[Opening Raw data section]
(* Assume the abundance condition (A). Then for every $\boldsymbol m\in[0,1]^2$ an equilibrium exists, and in every equilibrium the machine rental rate is $r^*=F(\boldsymbol m)$ and the wage is $w^*=\max\{\bar w_s,\bar w_b,\bar w_t\}$. Every equilibrium allocation maximizes total output $Y$ over all feasible allocations. Moreover, together with these prices the following allocations form an equilibrium (and, whenever the maximum $\max\{\bar w_s,\bar w_b,\bar w_t\}$ is attained by exactly one of the three numbers, they form the unique equilibrium allocation): (i) if $\boldsymbol m\in R_s$: $\alpha_s^*=1$ and $\mu_s^*=\mu$ (only single-layer firms); (ii) if $\boldsymbol m\in R_b$: $\alpha_b^*=1$, $\mu_b^*=n(\boldsymbol m)$, $\mu_s^*=\mu-\mu_b^*$ (only bottom-automated and single-layer automated firms); (iii) if $\boldsymbol m\in R_t$: $\alpha_t^*=1$, $\mu_t^*=1/n(\boldsymbol h)$, $\mu_s^*=\mu-\mu_t^*$ (only top-automated and single-layer automated firms).
   Context: Fix a cumulative distribution function $F$ on $[0,1]^2$ with a density $f$ that has full support on $[0,1]^2$; a problem $\boldsymbol x=(x_1,x_2)$ is drawn from $F$. Fix a communication cost $c\in(0,1)$, human knowledge $\boldsymbol h=(h_1,h_2)\in(0,1)^2$ (a unit mass of identical humans, each with one unit of time), and a mass $\mu>0$ of machines, each with one unit of time and common knowledge $\boldsymbol m=(m_1,m_2)\in[0,1]^2$. For $\boldsymbol x,\boldsymbol y\in[0,1]^2$ write $\boldsymbol x\vee\boldsymbol y=(\max\{x_1,y_1\},\max\{x_2,y_2\})$, and for $\boldsymbol x$ with $F(\boldsymbol x)<1$ let $n(\boldsymbol x)=\frac{1}{c(1-F(\boldsymbol x))}$. Given a wage $w\ge 0$ and rental rate $r\ge0$ (output price normalized to 1), there are four firm types with profits: single-layer non-automated (one human): $F(\boldsymbol h)-w$; single-layer automated (one machine): $F(\boldsymbol m)-r$; bottom-automated ($b$: one human solver and $n(\boldsymbol m)$ machine workers; available only when $F(\boldsymbol m)<1$): $\Pi_b=n(\boldsymbol m)[F(\boldsymbol m\vee\boldsymbol h)-r]-w$; top-automated ($t$: one machine solver and $n(\boldsymbol h)$ human workers): $\Pi_t=n(\boldsymbol h)[F(\boldsymbol m\vee\boldsymbol h)-w]-r$. A feasible allocation is $(\alpha_s,\alpha_b,\alpha_t,\mu_s,\mu_b,\mu_t)\ge 0$ (masses of humans in single-layer non-automated, $b$, $t$ firms; masses of machines in single-layer automated, $b$, $t$ firms) with $\mu_b=\alpha_b n(\boldsymbol m)$, $\mu_t=\alpha_t/n(\boldsymbol h)$, $\alpha_s+\alpha_b+\alpha_t=1$, $\mu_s+\mu_b+\mu_t=\mu$. Its total output is $Y=\alpha_b n(\boldsymbol m)F(\boldsymbol m\vee\boldsymbol h)+\alpha_tF(\boldsymbol m\vee\boldsymbol h)+\alpha_sF(\boldsymbol h)+\mu_sF(\boldsymbol m)$. An equilibrium is a feasible allocation and prices $(w,r)\ge0$ such that every firm type has nonpositive profit and every firm type used with positive mass earns zero profit. Define $\bar w_s=F(\boldsymbol h)$, $\bar w_b=n(\boldsymbol m)\big(F(\boldsymbol m\vee\boldsymbol h)-F(\boldsymbol m)\big)$ (with $\bar w_b:=0$ if $F(\boldsymbol m)=1$), $\bar w_t=F(\boldsymbol m\vee\boldsymbol h)-F(\boldsymbol m)/n(\boldsymbol h)$, and the regions $R_s=\{\boldsymbol m\in[0,1]^2:\bar w_s\ge\max\{\bar w_b,\bar w_t\}\}$, $R_b=\{\boldsymbol m:\bar w_b>\max\{\bar w_s,\bar w_t\}\}$, $R_t=[0,1]^2\setminus(R_s\cup R_b)$. Abundance condition (A): $\mu>\max\Big\{\frac{1}{c(1-F(1,h_2))},\frac{1}{c(1-F(h_1,1))}\Big\}$. *)

From HB Require Import structures.
From mathcomp Require Import all_boot all_order all_algebra.
From mathcomp Require Import all_classical all_reals all_analysis.
Set Implicit Arguments. Unset Strict Implicit. Unset Printing Implicit Defensive.
Import Order.TTheory GRing.Theory Num.Theory.
Local Open Scope classical_set_scope.
Local Open Scope ring_scope.

Section Model.
Variable R : realType.

Definition unit_square : set (R * R) := `[0%R, 1%R]%classic `*` `[0%R, 1%R]%classic.

Definition leb2 := ((@lebesgue_measure R) \x (@lebesgue_measure R))%E.

Definition density_cdf (f : R * R -> R) (x : R * R) : R :=
  fine (\int[leb2]_(y in `[0%R, x.1]%classic `*` `[0%R, x.2]%classic) (f y)%:E)%E.

Definition full_support_density (f : R * R -> R) : Prop :=
  [/\ measurable_fun unit_square f,
      (forall y, unit_square y -> 0 < f y),
      leb2.-integrable unit_square (fun y => (f y)%:E)
    & (\int[leb2]_(y in unit_square) (f y)%:E = 1)%E].

Definition vee (x y : R * R) : R * R := (Num.max x.1 y.1, Num.max x.2 y.2).

Variables (F : R * R -> R) (c : R) (h m : R * R) (mu : R).

Definition nn (x : R * R) : R := 1 / (c * (1 - F x)).

(** bottom-automated firms are available only when F(m) < 1 *)
Definition b_available : Prop := F m < 1.

Definition profit_s (w : R) : R := F h - w.
Definition profit_a (r : R) : R := F m - r.
Definition profit_b (w r : R) : R := nn m * (F (vee m h) - r) - w.
Definition profit_t (w r : R) : R := nn h * (F (vee m h) - w) - r.

Record alloc := Alloc {
  al_s : R; al_b : R; al_t : R; mu_s : R; mu_b : R; mu_t : R }.

Definition feasible (a : alloc) : Prop :=
  [/\ 0 <= al_s a, 0 <= al_b a & 0 <= al_t a] /\
  [/\ 0 <= mu_s a, 0 <= mu_b a & 0 <= mu_t a] /\
  [/\ (if `[< b_available >] then mu_b a = al_b a * nn m
       else al_b a = 0 /\ mu_b a = 0),
      mu_t a = al_t a / nn h,
      al_s a + al_b a + al_t a = 1
    & mu_s a + mu_b a + mu_t a = mu].

Definition output (a : alloc) : R :=
  al_b a * nn m * F (vee m h) + al_t a * F (vee m h)
  + al_s a * F h + mu_s a * F m.

Definition equilibrium (a : alloc) (w r : R) : Prop :=
  [/\ feasible a, 0 <= w, 0 <= r,
      [/\ profit_s w <= 0, profit_a r <= 0,
          (b_available -> profit_b w r <= 0) & profit_t w r <= 0]
    &
      [/\ (0 < al_s a -> profit_s w = 0),
          (0 < mu_s a -> profit_a r = 0),
          (0 < al_b a -> profit_b w r = 0)
        & (0 < al_t a -> profit_t w r = 0)]].

Definition wbar_s : R := F h.
Definition wbar_b : R :=
  if `[< b_available >] then nn m * (F (vee m h) - F m) else 0.
Definition wbar_t : R := F (vee m h) - F m / nn h.

Definition wstar : R := Num.max wbar_s (Num.max wbar_b wbar_t).

Definition in_Rs : Prop := Num.max wbar_b wbar_t <= wbar_s.
Definition in_Rb : Prop := Num.max wbar_s wbar_t < wbar_b.
Definition in_Rt : Prop := ~ in_Rs /\ ~ in_Rb.

Definition unique_max : Prop :=
  [\/ wbar_b < wbar_s /\ wbar_t < wbar_s,
      wbar_s < wbar_b /\ wbar_t < wbar_b
    | wbar_s < wbar_t /\ wbar_b < wbar_t].

Definition star_alloc : alloc :=
  if `[< in_Rs >] then Alloc 1 0 0 mu 0 0
  else if `[< in_Rb >] then Alloc 0 1 0 (mu - nn m) (nn m) 0
  else Alloc 0 0 1 (mu - 1 / nn h) 0 (1 / nn h).

End Model.

Definition abundance {R : realType} (F : R * R -> R) (c mu : R) (h : R * R) : Prop :=
  Num.max (1 / (c * (1 - F (1, h.2)))) (1 / (c * (1 - F (h.1, 1)))) < mu.

(* At the rental rate r = F(m) a machine earns exactly its stand-alone output, and
   each way of employing humans (alone, as solver over machines, as worker under a
   machine) then breaks even at the wage wbar_s, wbar_b, wbar_t respectively.
   The rental rate is forced by abundance (A): layered firms cannot absorb all
   machines, so some machines work alone and must earn F(m). Nonpositive profits give
   w >= max wbar_i, and zero profit in an occupation that employs humans gives equality.
   Efficiency is linear-programming duality: for every feasible allocation,
   w + r mu - Y equals the firm-weighted sum of the losses, which is nonnegative at
   equilibrium prices and zero at the equilibrium allocation. When one wbar_i is the
   strict maximum, the other occupations are idle in every equilibrium, and the
   human masses determine the machine masses.
   The density enters only through its CDF: since f > 0 on the square, F is monotone,
   positive at interior points, and below 1 unless both coordinates are 1; with (A)
   this gives c (1 - F(h)) < mu and n(m) < mu whenever F(m) < F(m \/ h). *)

From HB Require Import structures.
From mathcomp Require Import all_boot all_order all_algebra.
From mathcomp Require Import all_classical all_reals all_analysis.
From mathcomp Require Import measurable_realfun.
From mathcomp.algebra_tactics Require Import ring lra.
Set Implicit Arguments.
Unset Strict Implicit.
Unset Printing Implicit Defensive.
Import Order.TTheory GRing.Theory Num.Theory.
Local Open Scope classical_set_scope.
Local Open Scope ring_scope.

Lemma integral_gt0 d (T : measurableType d) (R : realType)
    (nu : {measure set T -> \bar R}) (D : set T) (g : T -> R) :
  measurable D -> measurable_fun D g -> (forall x, D x -> 0 < g x) ->
  (0 < nu D)%E -> (0 < \int[nu]_(x in D) (g x)%:E)%E.
Proof.
move=> mD mg g_gt0 nuD_gt0.
have g_ge0 x : D x -> (0 <= (g x)%:E)%E by move/g_gt0; rewrite lee_fin => /ltW.
rewrite lt0e integral_ge0 // andbT; apply/negP => /eqP int0.
have : (\int[nu]_(x in D) `|(g x)%:E| = 0)%E.
  by rewrite -int0; apply: eq_integral => x /[!inE] Dx; rewrite gee0_abs ?g_ge0.
case/(ae_eq_integral_abs nu mD ((measurable_EFinP _ _).2 mg)) => N [mN nuN0 DN].
suff : (nu D <= nu N)%E by rewrite nuN0 leNgt nuD_gt0.
apply: le_measure; rewrite ?inE // => x Dx; apply: DN => /(_ Dx) [] gx0.
by have := g_gt0 x Dx; rewrite gx0 ltxx.
Qed.

Lemma mulr_eq0_pos (R : realDomainType) (x y : R) :
  0 <= x -> (0 < x -> y = 0) -> x * y = 0.
Proof.
by rewrite le_eqVlt => /predU1P[<- _|/[swap]/[apply] ->]; rewrite ?mul0r ?mulr0.
Qed.

Definition lower_rect {R : realType} (x : R * R) : set (R * R) :=
  `[0, x.1] `*` `[0, x.2].

Lemma in_unit_square (R : realType) (x : R * R) :
  0 <= x.1 <= 1 -> 0 <= x.2 <= 1 -> unit_square x.
Proof. by move=> x1 x2; split; rewrite /= in_itv. Qed.

Lemma lebesgue_measure_itv_gt0 (R : realType) (l r : bool) (a b : R) : a < b ->
  (0 < lebesgue_measure [set` Interval (BSide l a) (BSide r b)])%E.
Proof.
by move=> ab; rewrite lebesgue_measure_itv /= lte_fin ab -EFinD lte_fin subr_gt0.
Qed.

Lemma leb2_rect_gt0 (R : realType) (i j : interval R) :
  (0 < lebesgue_measure [set` i])%E -> (0 < lebesgue_measure [set` j])%E ->
  (0 < @leb2 R ([set` i] `*` [set` j]))%E.
Proof.
by move=> i_gt0 j_gt0; rewrite /leb2 product_measure1E ?mule_gt0.
Qed.

Section DensityCdf.
Variables (R : realType) (f : R * R -> R).
Hypothesis f_density : full_support_density f.

Local Notation F := (density_cdf f).
Local Notation S := (@unit_square R).
Local Notation mass A := (\int[@leb2 R]_(y in A) (f y)%:E)%E.

Lemma measurable_unit_square : measurable S.
Proof. exact: measurableX. Qed.

Lemma measurable_lower_rect (x : R * R) : measurable (lower_rect x).
Proof. exact: measurableX. Qed.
[Closing Raw data section]
Copy the entries above exactly, but only from the line holding "this gives c" through the line holding "0 <= x.1 <= 1 -> 0", both included.

> **Task response**:
   this gives c (1 - F(h)) < mu and n(m) < mu whenever F(m) < F(m \/ h). *)

From HB Require Import structures.
From mathcomp Require Import all_boot all_order all_algebra.
From mathcomp Require Import all_classical all_reals all_analysis.
From mathcomp Require Import measurable_realfun.
From mathcomp.algebra_tactics Require Import ring lra.
Set Implicit Arguments.
Unset Strict Implicit.
Unset Printing Implicit Defensive.
Import Order.TTheory GRing.Theory Num.Theory.
Local Open Scope classical_set_scope.
Local Open Scope ring_scope.

Lemma integral_gt0 d (T : measurableType d) (R : realType)
    (nu : {measure set T -> \bar R}) (D : set T) (g : T -> R) :
  measurable D -> measurable_fun D g -> (forall x, D x -> 0 < g x) ->
  (0 < nu D)%E -> (0 < \int[nu]_(x in D) (g x)%:E)%E.
Proof.
move=> mD mg g_gt0 nuD_gt0.
have g_ge0 x : D x -> (0 <= (g x)%:E)%E by move/g_gt0; rewrite lee_fin => /ltW.
rewrite lt0e integral_ge0 // andbT; apply/negP => /eqP int0.
have : (\int[nu]_(x in D) `|(g x)%:E| = 0)%E.
  by rewrite -int0; apply: eq_integral => x /[!inE] Dx; rewrite gee0_abs ?g_ge0.
case/(ae_eq_integral_abs nu mD ((measurable_EFinP _ _).2 mg)) => N [mN nuN0 DN].
suff : (nu D <= nu N)%E by rewrite nuN0 leNgt nuD_gt0.
apply: le_measure; rewrite ?inE // => x Dx; apply: DN => /(_ Dx) [] gx0.
by have := g_gt0 x Dx; rewrite gx0 ltxx.
Qed.

Lemma mulr_eq0_pos (R : realDomainType) (x y : R) :
  0 <= x -> (0 < x -> y = 0) -> x * y = 0.
Proof.
by rewrite le_eqVlt => /predU1P[<- _|/[swap]/[apply] ->]; rewrite ?mul0r ?mulr0.
Qed.

Definition lower_rect {R : realType} (x : R * R) : set (R * R) :=
  `[0, x.1] `*` `[0, x.2].

Lemma in_unit_square (R : realType) (x : R * R) :
  0 <= x.1 <= 1 -> 0 <= x.2 <= 1 -> unit_square x.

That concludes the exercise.